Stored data
Lemma cone_circle_lifts {X : Type} {d : X -> X -> R} {Rr : R}
  {U : (nat -> Prop) -> Prop} {b : nat -> X} {s : nat -> R}
  (hmetric : is_metric d) (hR : 0 <= Rr) (hgeod : rough_geodesic d Rr)
  (hU : nonprincipal_ultrafilter U) (hs : tends_to_infinity s)
  (K L M : R) (alpha : R -> asymptotic_cone d U b s) :
  1 < K -> 0 < L -> 0 <= M ->
  is_rough_circle (@cone_dist X d U b s) 0 L alpha ->
  almost_isometric (@cone_dist X d U b s) (4 / (3 + / K)) L alpha ->
  exists (L' : R) (beta : R -> X),
    M < L' /\ is_rough_circle d Rr L' beta /\ almost_isometric d K L' beta.
Proof.
  intros HK HL HM Hcirc Hiso. set (c := / K).
  pose proof (Rinv_lt_1 K HK) as Hc; fold c in Hc.
  destruct (archimed_cor1 ((1 - c) / 32)) as [h [Hh Hh0]]; [lra|].
  assert (HhR : 0 < INR h) by (apply lt_0_INR; lia).
  set (eps := L * (1 - c) / (16 * (2 * INR h + 6))).
  assert (Heps : 0 < eps) by (apply Rdiv_lt_0_compat; nra).
  assert (Heps_small : eps * (2 * INR h + 6) = L * (1 - c) / 16)
    by (unfold eps; field; lra).
  destruct (Rmult_eventually_gt ((2 * INR h + 4) * Rr) (L * (1 - c) / 8))
    as (S1 & HS1 & Hbig1); [nra|].
  destruct (Rmult_eventually_gt M (L / 2)) as (S2 & HS2 & Hbig2); [lra|].
  destruct (cone_circle_sample hmetric hU hs (4 / (3 + c)) L (Rmax S1 S2) eps h alpha
              HL Hh0 Heps (Rlt_le_trans _ _ _ HS1 (Rmax_l S1 S2)) Hcirc Hiso)
    as (sigma & x & HS & hper & hside & hopp).
  replace (INR (h + h)) with (2 * INR h) in hside by (rewrite plus_INR; ring).
  replace (1 / (4 / (3 + c)) * (L / 2)) with ((3 + c) * L / 8) in hopp by (field; lra).
  pose proof (Rmax_l S1 S2); pose proof (Rmax_r S1 S2).
  destruct (polygon_margin c L (INR h) eps sigma Rr M Hc HL HhR (Rlt_le _ _ Hh) Heps
              (Req_le _ _ Heps_small) hR (Hbig1 sigma ltac:(lra)) (Hbig2 sigma ltac:(lra)))
    as [Hmargin HMA].
  destruct (perimeter_bounds hmetric hR (h + h) x hper h _ _ eq_refl hside hopp)
    as [Hlow _].
  exists (@perimeter X d Rr (h + h) x), (polygon hgeod (h + h) x).
  split; [lra|split].
  - exact (polygon_rough_circle hmetric hR hgeod (h + h) x hper).
  - apply (polygon_almost_isometric hmetric hR hgeod (h + h) x hper h _ _ eq_refl
             hside hopp K); [lra|lra|exact Hmargin].
Qed.

Theorem corollary3p12 (X : Type) (d : X -> X -> R) (Rr : R)
  (hmetric : is_metric d) (hR : 0 <= Rr)
  (hgeod : rough_geodesic d Rr) (hss : strongly_shortcut d Rr)
  (U : (nat -> Prop) -> Prop) (hU : nonprincipal_ultrafilter U)
  (b : nat -> X) (s : nat -> R) (hs : tends_to_infinity s) :
  strongly_shortcut (@cone_dist X d U b s) 0.
Proof.
  destruct hss as [K [HK [M HM]]].
  pose proof (Rinv_lt_1 K HK) as Hc.
  exists (4 / (3 + / K)); split.
  - apply Rmult_lt_reg_r with (3 + / K); [lra|].
    unfold Rdiv; rewrite Rmult_assoc, Rinv_l by lra; lra.
  - exists 0; intros L alpha HL Hcirc Hiso; exfalso.
    destruct (cone_circle_lifts hmetric hR hgeod hU hs K L (Rabs M) alpha
                HK HL (Rabs_pos M) Hcirc Hiso) as (L' & beta & HL' & Hbeta & Hbiso).
    pose proof (Rle_abs M); pose proof (Rabs_pos M).
    pose proof (HM L' beta ltac:(lra) Hbeta Hbiso); lra.
Qed.
Definition W_invariant_inner_product (r : nat) (alpha coalpha : 'I_r -> V)
  (B : 'M[rat]_n) : Prop :=
  [/\ B^T = B,
      forall x : V, x != 0 -> 0 < ip B x x
    & forall i x y, ip B (srefl alpha coalpha i x) (srefl alpha coalpha i y) = ip B x y].

Definition chamber (r : nat) (alpha : 'I_r -> V) (x : V) : Prop :=
  forall i, 0 <= pair (alpha i) x.

Definition is_face (C F : V -> Prop) : Prop :=
  exists phi : V, (forall x, C x -> 0 <= pair phi x) /\
                  (forall x, F x <-> C x /\ pair phi x = 0).

Definition lin_span (S : V -> Prop) (x : V) : Prop :=
  exists (m : nat) (c : 'I_m -> rat) (v : 'I_m -> V),
    (forall k, S (v k)) /\ x = \sum_(k < m) c k *: v k.

Definition orth_proj (B : 'M[rat]_n) (L : V -> Prop) (x p : V) : Prop :=
  L p /\ forall y, L y -> ip B (x - p) y = 0.

Definition cone_gen (g : seq V) (x : V) : Prop :=
  exists c : 'I_(size g) -> rat, (forall k, 0 <= c k) /\
    x = \sum_(k < size g) c k *: g`_k.

Definition strongly_convex (C : V -> Prop) : Prop :=
  forall x, C x -> C (- x) -> x = 0.

Definition is_fan (Sigma : seq (seq V)) : Prop :=
  [/\ forall s, s \in Sigma -> strongly_convex (cone_gen s),
      forall s F, s \in Sigma -> is_face (cone_gen s) F ->
        exists2 t, t \in Sigma & forall x, F x <-> cone_gen t x
    & forall s t, s \in Sigma -> t \in Sigma ->
        is_face (cone_gen s) (fun x => cone_gen s x /\ cone_gen t x) /\
        is_face (cone_gen t) (fun x => cone_gen s x /\ cone_gen t x)].

Definition fan_support (Sigma : seq (seq V)) (x : V) : Prop :=
  exists2 s, s \in Sigma & cone_gen s x.

Definition W_support (r : nat) (alpha coalpha : 'I_r -> V) (Sigma : seq (seq V))
  (x : V) : Prop :=
  exists w : seq 'I_r, exists2 y, fan_support Sigma y & x = wact alpha coalpha w y.

Definition convex (S : V -> Prop) : Prop :=
  forall a b (t : rat), 0 <= t <= 1 -> S a -> S b -> S (t *: a + (1 - t) *: b).

End Defs.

PROBLEM TO WORK ON: Some of the data mentions "with". Copy every line where it does.

ANSWER BOX:
  replace (INR (h + h)) with (2 * INR h) in hside by (rewrite plus_INR; ring).
  replace (1 / (4 / (3 + c)) * (L / 2)) with ((3 + c) * L / 8) in hopp by (field; lra).
  - apply Rmult_lt_reg_r with (3 + / K); [lra|].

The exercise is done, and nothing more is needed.